- _Problem requirements_: Would it be possible to quote, exactly and in full, the lines from the one with "move=> uG gG u3; have := semi3abelian_cubeMl" through the end of the entries below?

- _Dataset excerpts_:

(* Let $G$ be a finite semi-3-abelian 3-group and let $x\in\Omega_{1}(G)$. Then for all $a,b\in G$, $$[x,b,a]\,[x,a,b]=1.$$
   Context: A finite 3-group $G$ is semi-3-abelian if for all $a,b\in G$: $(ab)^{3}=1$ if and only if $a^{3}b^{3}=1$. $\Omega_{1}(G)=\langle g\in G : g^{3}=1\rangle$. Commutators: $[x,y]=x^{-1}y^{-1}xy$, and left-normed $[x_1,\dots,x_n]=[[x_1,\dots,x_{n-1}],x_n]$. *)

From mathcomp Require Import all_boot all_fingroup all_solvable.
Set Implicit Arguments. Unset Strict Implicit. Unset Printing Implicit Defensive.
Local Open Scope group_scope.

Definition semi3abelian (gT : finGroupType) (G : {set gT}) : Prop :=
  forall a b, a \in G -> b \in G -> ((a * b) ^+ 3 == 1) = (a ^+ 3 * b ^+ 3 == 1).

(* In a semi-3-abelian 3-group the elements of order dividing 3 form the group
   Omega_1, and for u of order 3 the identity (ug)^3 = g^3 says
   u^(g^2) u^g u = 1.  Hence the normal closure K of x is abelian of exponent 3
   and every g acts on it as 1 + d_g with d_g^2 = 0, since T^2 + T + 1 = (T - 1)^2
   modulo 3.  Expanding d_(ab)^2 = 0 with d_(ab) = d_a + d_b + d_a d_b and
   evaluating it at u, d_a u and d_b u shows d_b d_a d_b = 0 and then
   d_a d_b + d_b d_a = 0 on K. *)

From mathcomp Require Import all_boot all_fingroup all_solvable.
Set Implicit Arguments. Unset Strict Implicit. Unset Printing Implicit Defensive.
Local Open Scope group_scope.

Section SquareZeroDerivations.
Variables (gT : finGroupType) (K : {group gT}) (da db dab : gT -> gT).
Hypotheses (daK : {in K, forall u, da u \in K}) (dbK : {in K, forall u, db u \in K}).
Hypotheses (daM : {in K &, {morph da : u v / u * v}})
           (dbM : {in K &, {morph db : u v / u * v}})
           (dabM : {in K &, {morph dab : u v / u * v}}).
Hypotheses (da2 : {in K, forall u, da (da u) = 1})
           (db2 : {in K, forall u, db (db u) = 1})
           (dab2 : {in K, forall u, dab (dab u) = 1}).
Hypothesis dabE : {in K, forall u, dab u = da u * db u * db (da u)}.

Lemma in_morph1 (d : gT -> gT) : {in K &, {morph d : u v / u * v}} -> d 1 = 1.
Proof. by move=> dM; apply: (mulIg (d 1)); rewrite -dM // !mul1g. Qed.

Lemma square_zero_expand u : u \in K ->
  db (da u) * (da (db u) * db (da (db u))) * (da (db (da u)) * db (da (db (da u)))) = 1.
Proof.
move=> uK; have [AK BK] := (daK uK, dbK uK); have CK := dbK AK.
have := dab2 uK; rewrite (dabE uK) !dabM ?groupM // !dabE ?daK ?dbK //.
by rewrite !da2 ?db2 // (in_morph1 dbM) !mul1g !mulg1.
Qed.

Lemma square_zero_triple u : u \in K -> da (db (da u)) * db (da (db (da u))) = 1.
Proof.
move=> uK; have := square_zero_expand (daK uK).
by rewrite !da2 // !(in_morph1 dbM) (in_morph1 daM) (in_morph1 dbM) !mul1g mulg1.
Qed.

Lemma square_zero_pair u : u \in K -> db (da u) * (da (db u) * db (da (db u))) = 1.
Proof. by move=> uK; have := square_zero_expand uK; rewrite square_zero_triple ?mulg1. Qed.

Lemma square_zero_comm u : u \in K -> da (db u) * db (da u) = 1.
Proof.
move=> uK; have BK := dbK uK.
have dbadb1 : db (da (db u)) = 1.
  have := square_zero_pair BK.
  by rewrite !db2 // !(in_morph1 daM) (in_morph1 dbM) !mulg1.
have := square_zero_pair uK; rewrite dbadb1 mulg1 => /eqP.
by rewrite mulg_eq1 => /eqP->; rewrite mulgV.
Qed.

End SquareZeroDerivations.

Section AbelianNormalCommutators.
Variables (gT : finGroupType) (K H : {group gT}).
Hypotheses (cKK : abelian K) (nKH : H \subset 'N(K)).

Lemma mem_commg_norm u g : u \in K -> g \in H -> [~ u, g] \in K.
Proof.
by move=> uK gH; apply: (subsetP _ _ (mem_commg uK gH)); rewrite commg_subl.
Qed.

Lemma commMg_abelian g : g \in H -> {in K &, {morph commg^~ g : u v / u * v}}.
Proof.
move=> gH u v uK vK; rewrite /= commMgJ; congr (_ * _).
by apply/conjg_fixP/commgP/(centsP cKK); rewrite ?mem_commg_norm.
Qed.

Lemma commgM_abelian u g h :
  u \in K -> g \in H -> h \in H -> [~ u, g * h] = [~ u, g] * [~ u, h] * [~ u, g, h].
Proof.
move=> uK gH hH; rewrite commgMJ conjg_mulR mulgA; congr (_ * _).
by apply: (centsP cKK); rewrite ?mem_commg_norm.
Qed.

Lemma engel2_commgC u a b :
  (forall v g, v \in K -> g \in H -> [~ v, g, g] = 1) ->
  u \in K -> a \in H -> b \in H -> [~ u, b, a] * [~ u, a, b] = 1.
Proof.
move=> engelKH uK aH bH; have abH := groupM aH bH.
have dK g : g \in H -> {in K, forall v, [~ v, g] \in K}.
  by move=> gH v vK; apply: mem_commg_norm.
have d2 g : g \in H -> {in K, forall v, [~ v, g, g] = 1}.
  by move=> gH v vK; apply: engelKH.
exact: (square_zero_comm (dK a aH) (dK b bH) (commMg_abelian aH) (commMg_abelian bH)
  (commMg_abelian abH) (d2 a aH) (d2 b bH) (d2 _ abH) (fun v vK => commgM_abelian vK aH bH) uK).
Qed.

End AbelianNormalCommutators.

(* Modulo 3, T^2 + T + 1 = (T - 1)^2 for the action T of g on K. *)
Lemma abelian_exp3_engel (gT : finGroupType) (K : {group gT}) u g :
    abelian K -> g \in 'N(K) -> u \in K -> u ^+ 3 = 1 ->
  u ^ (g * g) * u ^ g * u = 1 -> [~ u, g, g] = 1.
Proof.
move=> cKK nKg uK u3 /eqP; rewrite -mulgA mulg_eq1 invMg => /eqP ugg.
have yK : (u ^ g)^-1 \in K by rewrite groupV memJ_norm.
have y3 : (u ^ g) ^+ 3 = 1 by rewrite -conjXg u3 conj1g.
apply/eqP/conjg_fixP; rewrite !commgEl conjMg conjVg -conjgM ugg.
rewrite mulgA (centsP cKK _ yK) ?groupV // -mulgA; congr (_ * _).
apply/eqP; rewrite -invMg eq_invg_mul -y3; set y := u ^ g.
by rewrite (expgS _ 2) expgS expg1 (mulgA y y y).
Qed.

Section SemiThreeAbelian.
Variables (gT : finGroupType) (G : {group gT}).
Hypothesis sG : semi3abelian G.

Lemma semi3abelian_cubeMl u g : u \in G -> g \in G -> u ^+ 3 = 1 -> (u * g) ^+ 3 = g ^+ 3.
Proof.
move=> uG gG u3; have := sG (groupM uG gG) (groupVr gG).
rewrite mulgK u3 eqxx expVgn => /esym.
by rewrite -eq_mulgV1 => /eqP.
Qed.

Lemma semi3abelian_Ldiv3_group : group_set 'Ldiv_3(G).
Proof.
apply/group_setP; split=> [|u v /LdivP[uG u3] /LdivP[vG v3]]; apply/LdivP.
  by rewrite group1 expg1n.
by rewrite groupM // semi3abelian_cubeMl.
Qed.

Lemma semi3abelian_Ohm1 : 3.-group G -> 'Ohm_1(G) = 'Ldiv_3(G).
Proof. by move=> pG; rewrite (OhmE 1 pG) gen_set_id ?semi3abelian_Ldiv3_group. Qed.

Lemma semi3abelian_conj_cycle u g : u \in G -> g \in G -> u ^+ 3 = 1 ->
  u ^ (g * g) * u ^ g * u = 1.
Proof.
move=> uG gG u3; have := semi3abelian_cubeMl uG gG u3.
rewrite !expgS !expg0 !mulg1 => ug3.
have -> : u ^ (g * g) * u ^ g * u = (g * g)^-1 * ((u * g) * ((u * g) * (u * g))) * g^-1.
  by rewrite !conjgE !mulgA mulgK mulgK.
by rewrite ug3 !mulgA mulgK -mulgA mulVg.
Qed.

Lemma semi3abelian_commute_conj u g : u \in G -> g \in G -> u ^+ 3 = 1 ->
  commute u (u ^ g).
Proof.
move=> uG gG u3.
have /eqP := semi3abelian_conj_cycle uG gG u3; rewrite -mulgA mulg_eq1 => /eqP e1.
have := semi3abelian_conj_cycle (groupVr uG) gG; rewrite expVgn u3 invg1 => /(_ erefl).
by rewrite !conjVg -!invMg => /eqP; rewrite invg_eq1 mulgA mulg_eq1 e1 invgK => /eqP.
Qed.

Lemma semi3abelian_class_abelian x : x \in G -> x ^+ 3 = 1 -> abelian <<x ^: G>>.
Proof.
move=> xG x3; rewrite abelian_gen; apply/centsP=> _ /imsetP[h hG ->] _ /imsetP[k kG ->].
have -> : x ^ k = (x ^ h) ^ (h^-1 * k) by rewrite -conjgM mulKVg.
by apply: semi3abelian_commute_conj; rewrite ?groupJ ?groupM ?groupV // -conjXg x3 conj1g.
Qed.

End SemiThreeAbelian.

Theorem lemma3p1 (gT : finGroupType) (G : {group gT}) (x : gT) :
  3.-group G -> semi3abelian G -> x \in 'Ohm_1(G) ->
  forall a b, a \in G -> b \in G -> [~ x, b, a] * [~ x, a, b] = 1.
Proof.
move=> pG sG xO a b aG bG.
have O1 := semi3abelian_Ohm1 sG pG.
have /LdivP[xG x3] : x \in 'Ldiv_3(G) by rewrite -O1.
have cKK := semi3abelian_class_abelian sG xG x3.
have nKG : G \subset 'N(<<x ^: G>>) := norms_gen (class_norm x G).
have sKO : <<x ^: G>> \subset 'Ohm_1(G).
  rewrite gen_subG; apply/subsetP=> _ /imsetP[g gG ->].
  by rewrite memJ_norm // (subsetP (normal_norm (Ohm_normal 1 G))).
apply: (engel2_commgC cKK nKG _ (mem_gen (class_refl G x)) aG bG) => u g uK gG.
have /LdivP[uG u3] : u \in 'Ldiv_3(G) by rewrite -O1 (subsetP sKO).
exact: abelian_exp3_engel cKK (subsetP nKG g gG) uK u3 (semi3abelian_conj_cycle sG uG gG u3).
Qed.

- _Exercise result_:
move=> uG gG u3; have := semi3abelian_cubeMl uG gG u3.
rewrite !expgS !expg0 !mulg1 => ug3.
have -> : u ^ (g * g) * u ^ g * u = (g * g)^-1 * ((u * g) * ((u * g) * (u * g))) * g^-1.
  by rewrite !conjgE !mulgA mulgK mulgK.
by rewrite ug3 !mulgA mulgK -mulgA mulVg.
Qed.

Lemma semi3abelian_commute_conj u g : u \in G -> g \in G -> u ^+ 3 = 1 ->
  commute u (u ^ g).
Proof.
move=> uG gG u3.
have /eqP := semi3abelian_conj_cycle uG gG u3; rewrite -mulgA mulg_eq1 => /eqP e1.
have := semi3abelian_conj_cycle (groupVr uG) gG; rewrite expVgn u3 invg1 => /(_ erefl).
by rewrite !conjVg -!invMg => /eqP; rewrite invg_eq1 mulgA mulg_eq1 e1 invgK => /eqP.
Qed.

Lemma semi3abelian_class_abelian x : x \in G -> x ^+ 3 = 1 -> abelian <<x ^: G>>.
Proof.
move=> xG x3; rewrite abelian_gen; apply/centsP=> _ /imsetP[h hG ->] _ /imsetP[k kG ->].
have -> : x ^ k = (x ^ h) ^ (h^-1 * k) by rewrite -conjgM mulKVg.
by apply: semi3abelian_commute_conj; rewrite ?groupJ ?groupM ?groupV // -conjXg x3 conj1g.
Qed.

End SemiThreeAbelian.

Theorem lemma3p1 (gT : finGroupType) (G : {group gT}) (x : gT) :
  3.-group G -> semi3abelian G -> x \in 'Ohm_1(G) ->
  forall a b, a \in G -> b \in G -> [~ x, b, a] * [~ x, a, b] = 1.
Proof.
move=> pG sG xO a b aG bG.
have O1 := semi3abelian_Ohm1 sG pG.
have /LdivP[xG x3] : x \in 'Ldiv_3(G) by rewrite -O1.
have cKK := semi3abelian_class_abelian sG xG x3.
have nKG : G \subset 'N(<<x ^: G>>) := norms_gen (class_norm x G).
have sKO : <<x ^: G>> \subset 'Ohm_1(G).
  rewrite gen_subG; apply/subsetP=> _ /imsetP[g gG ->].
  by rewrite memJ_norm // (subsetP (normal_norm (Ohm_normal 1 G))).
apply: (engel2_commgC cKK nKG _ (mem_gen (class_refl G x)) aG bG) => u g uK gG.
have /LdivP[uG u3] : u \in 'Ldiv_3(G) by rewrite -O1 (subsetP sKO).
exact: abelian_exp3_engel cKK (subsetP nKG g gG) uK u3 (semi3abelian_conj_cycle sG uG gG u3).
Qed.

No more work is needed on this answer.